START Working data

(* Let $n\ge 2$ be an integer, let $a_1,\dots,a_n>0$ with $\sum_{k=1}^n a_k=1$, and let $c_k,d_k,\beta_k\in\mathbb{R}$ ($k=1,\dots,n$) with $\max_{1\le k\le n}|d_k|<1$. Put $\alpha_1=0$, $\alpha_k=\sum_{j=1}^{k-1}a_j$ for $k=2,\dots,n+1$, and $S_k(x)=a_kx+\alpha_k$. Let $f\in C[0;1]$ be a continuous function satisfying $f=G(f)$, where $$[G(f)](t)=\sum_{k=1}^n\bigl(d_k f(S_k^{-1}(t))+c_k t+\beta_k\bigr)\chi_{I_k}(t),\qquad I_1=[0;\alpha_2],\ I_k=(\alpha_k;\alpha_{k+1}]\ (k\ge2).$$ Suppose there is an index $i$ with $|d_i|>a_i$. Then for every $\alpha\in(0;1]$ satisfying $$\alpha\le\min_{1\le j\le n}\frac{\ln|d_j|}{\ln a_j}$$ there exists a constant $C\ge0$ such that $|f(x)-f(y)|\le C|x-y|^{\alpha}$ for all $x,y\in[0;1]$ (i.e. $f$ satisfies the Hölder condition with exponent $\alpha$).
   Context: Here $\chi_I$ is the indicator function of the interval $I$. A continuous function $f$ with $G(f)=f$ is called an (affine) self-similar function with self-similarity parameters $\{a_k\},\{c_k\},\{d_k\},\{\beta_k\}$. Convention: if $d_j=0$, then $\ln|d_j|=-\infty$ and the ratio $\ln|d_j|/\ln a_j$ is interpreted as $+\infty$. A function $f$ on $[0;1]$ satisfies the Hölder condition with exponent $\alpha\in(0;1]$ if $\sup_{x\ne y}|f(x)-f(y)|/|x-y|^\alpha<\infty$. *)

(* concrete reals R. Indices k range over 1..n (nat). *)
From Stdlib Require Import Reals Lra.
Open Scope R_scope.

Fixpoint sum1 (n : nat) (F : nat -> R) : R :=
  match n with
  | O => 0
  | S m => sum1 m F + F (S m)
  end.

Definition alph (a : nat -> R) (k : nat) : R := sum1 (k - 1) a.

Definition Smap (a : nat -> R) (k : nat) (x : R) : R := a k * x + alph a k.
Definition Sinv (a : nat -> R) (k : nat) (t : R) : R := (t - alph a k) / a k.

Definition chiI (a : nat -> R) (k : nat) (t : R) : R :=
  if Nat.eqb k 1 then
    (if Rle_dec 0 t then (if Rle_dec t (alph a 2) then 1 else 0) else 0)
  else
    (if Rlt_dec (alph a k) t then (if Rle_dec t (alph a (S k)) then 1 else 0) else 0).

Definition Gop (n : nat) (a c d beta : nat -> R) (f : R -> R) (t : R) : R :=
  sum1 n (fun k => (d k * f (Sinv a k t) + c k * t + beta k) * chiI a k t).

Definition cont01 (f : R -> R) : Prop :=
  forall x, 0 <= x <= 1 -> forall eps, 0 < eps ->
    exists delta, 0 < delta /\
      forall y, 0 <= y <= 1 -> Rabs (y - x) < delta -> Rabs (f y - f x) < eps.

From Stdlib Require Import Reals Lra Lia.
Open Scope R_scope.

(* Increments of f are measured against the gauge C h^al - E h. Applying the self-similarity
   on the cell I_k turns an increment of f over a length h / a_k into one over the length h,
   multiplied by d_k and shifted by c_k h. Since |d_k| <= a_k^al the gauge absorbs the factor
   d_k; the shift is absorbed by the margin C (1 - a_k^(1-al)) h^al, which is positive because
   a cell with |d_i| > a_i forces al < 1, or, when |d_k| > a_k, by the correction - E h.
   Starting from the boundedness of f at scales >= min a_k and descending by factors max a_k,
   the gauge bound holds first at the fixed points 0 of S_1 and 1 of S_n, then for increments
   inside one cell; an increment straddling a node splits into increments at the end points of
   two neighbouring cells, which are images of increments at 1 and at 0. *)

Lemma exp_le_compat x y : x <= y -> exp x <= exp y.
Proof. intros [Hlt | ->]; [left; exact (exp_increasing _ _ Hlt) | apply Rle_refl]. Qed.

END Working data
START Working data

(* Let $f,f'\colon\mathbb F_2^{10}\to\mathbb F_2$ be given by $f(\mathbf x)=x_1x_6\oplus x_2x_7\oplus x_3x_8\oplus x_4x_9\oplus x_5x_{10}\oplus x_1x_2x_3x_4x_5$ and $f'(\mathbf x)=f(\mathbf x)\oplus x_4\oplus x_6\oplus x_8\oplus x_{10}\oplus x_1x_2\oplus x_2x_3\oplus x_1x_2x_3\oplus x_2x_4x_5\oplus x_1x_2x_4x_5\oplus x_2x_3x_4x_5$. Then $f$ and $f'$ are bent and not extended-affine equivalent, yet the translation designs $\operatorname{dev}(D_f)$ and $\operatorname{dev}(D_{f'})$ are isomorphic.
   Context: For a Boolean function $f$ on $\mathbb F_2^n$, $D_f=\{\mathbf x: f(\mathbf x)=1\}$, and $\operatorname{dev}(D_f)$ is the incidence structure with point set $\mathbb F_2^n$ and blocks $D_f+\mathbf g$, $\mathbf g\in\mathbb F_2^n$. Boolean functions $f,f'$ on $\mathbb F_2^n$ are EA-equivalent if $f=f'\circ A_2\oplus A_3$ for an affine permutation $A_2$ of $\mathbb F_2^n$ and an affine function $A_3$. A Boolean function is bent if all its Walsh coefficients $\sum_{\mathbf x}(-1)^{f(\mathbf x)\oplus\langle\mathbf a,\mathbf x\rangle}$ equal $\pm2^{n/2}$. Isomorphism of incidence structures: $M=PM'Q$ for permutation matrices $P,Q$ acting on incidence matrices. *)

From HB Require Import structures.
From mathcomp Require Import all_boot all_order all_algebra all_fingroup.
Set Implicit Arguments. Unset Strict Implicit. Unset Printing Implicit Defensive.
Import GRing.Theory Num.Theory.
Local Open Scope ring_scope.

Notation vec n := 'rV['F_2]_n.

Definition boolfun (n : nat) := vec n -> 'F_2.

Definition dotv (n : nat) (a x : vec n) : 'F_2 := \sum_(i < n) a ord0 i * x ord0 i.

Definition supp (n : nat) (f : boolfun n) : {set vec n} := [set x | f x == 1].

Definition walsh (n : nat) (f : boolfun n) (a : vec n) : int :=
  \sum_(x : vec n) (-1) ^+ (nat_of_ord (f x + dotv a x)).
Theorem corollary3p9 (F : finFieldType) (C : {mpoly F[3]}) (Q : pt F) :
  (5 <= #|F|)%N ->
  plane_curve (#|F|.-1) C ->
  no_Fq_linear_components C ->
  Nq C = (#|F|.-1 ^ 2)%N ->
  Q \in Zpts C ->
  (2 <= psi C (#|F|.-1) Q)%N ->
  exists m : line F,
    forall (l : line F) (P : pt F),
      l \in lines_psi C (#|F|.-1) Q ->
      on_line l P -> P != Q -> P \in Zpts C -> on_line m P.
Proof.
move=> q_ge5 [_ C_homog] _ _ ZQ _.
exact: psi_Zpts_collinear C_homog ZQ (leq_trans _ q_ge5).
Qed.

END Working data

Collect the lines of the data that carry the word "Sinv".

Output below:
Definition Sinv (a : nat -> R) (k : nat) (t : R) : R := (t - alph a k) / a k.
  sum1 n (fun k => (d k * f (Sinv a k t) + c k * t + beta k) * chiI a k t).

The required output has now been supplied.